Source records START
(* Let $F$ be an order continuous Banach lattice, $E$ a Banach space and $T\in\mathcal{L}(F,E)$. The following are equivalent: (i) $T$ is DNS, i.e. there is no disjoint sequence $(f_n)\subset\mathrm{S}_F$ with $\|Tf_n\|\to0$; (ii) $T$ is strictly DNS, i.e. there is $\delta>0$ such that no disjoint sequence $(f_n)\subset\mathrm{S}_F$ satisfies $\|Tf_n\|\le\delta$ for all $n$; (iii) there is no sequence (equivalently, no net) in $\mathrm{S}_F$ which is un-null and satisfies $\|Tf_i\|\to0$; (iv) there are $\varepsilon,\delta>0$ and $h\in F_+$ such that $\|Tf\|\ge\delta$ whenever $f\in\mathrm{S}_F$ and $\||f|\wedge h\|<\varepsilon$. Consequently, the set of DNS operators is open in $\mathcal{L}(F,E)$.
   Context: $\mathrm{S}_F$ is the unit sphere of $F$; $x,y$ disjoint means $|x|\wedge|y|=0$. The un-topology on $F$ is the linear topology with zero neighborhood base $\{f\in F:\||f|\wedge h\|<\varepsilon\}$, $h\in F_+$, $\varepsilon>0$. *)

From HB Require Import structures.
From mathcomp Require Import all_boot all_order all_algebra.
From mathcomp Require Import all_classical all_reals all_analysis.
Set Implicit Arguments. Unset Strict Implicit. Unset Printing Implicit Defensive.
Import Order.TTheory GRing.Theory Num.Theory.
Import numFieldNormedType.Exports.
Local Open Scope classical_set_scope.
Local Open Scope ring_scope.

Record BanachLattice (R : realType) (F : completeNormedModType R) := {
  ble : F -> F -> Prop;
  bjoin : F -> F -> F;
  bmeet : F -> F -> F;
  ble_refl : forall x, ble x x;
  ble_trans : forall x y z, ble x y -> ble y z -> ble x z;
  ble_anti : forall x y, ble x y -> ble y x -> x = y;
  ble_add : forall x y z, ble x y -> ble (x + z) (y + z);
  ble_scale : forall (a : R) x y, 0 <= a -> ble x y -> ble (a *: x) (a *: y);
  bjoin_ubl : forall x y, ble x (bjoin x y);
  bjoin_ubr : forall x y, ble y (bjoin x y);
  bjoin_lub : forall x y z, ble x z -> ble y z -> ble (bjoin x y) z;
  bmeet_lbl : forall x y, ble (bmeet x y) x;
  bmeet_lbr : forall x y, ble (bmeet x y) y;
  bmeet_glb : forall x y z, ble z x -> ble z y -> ble z (bmeet x y);
  bnorm_lattice : forall x y,
    ble (bjoin x (- x)) (bjoin y (- y)) -> `|x| <= `|y|
}.

Section BLDefs.
Context {R : realType} {F : completeNormedModType R} (L : BanachLattice F).

Definition babs (x : F) : F := bjoin L x (- x).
Source records END
» **What is expected**: Lines holding the string "Scope" must be copied out of the entries above.

» **Answer to this task**:
Local Open Scope classical_set_scope.
Local Open Scope ring_scope.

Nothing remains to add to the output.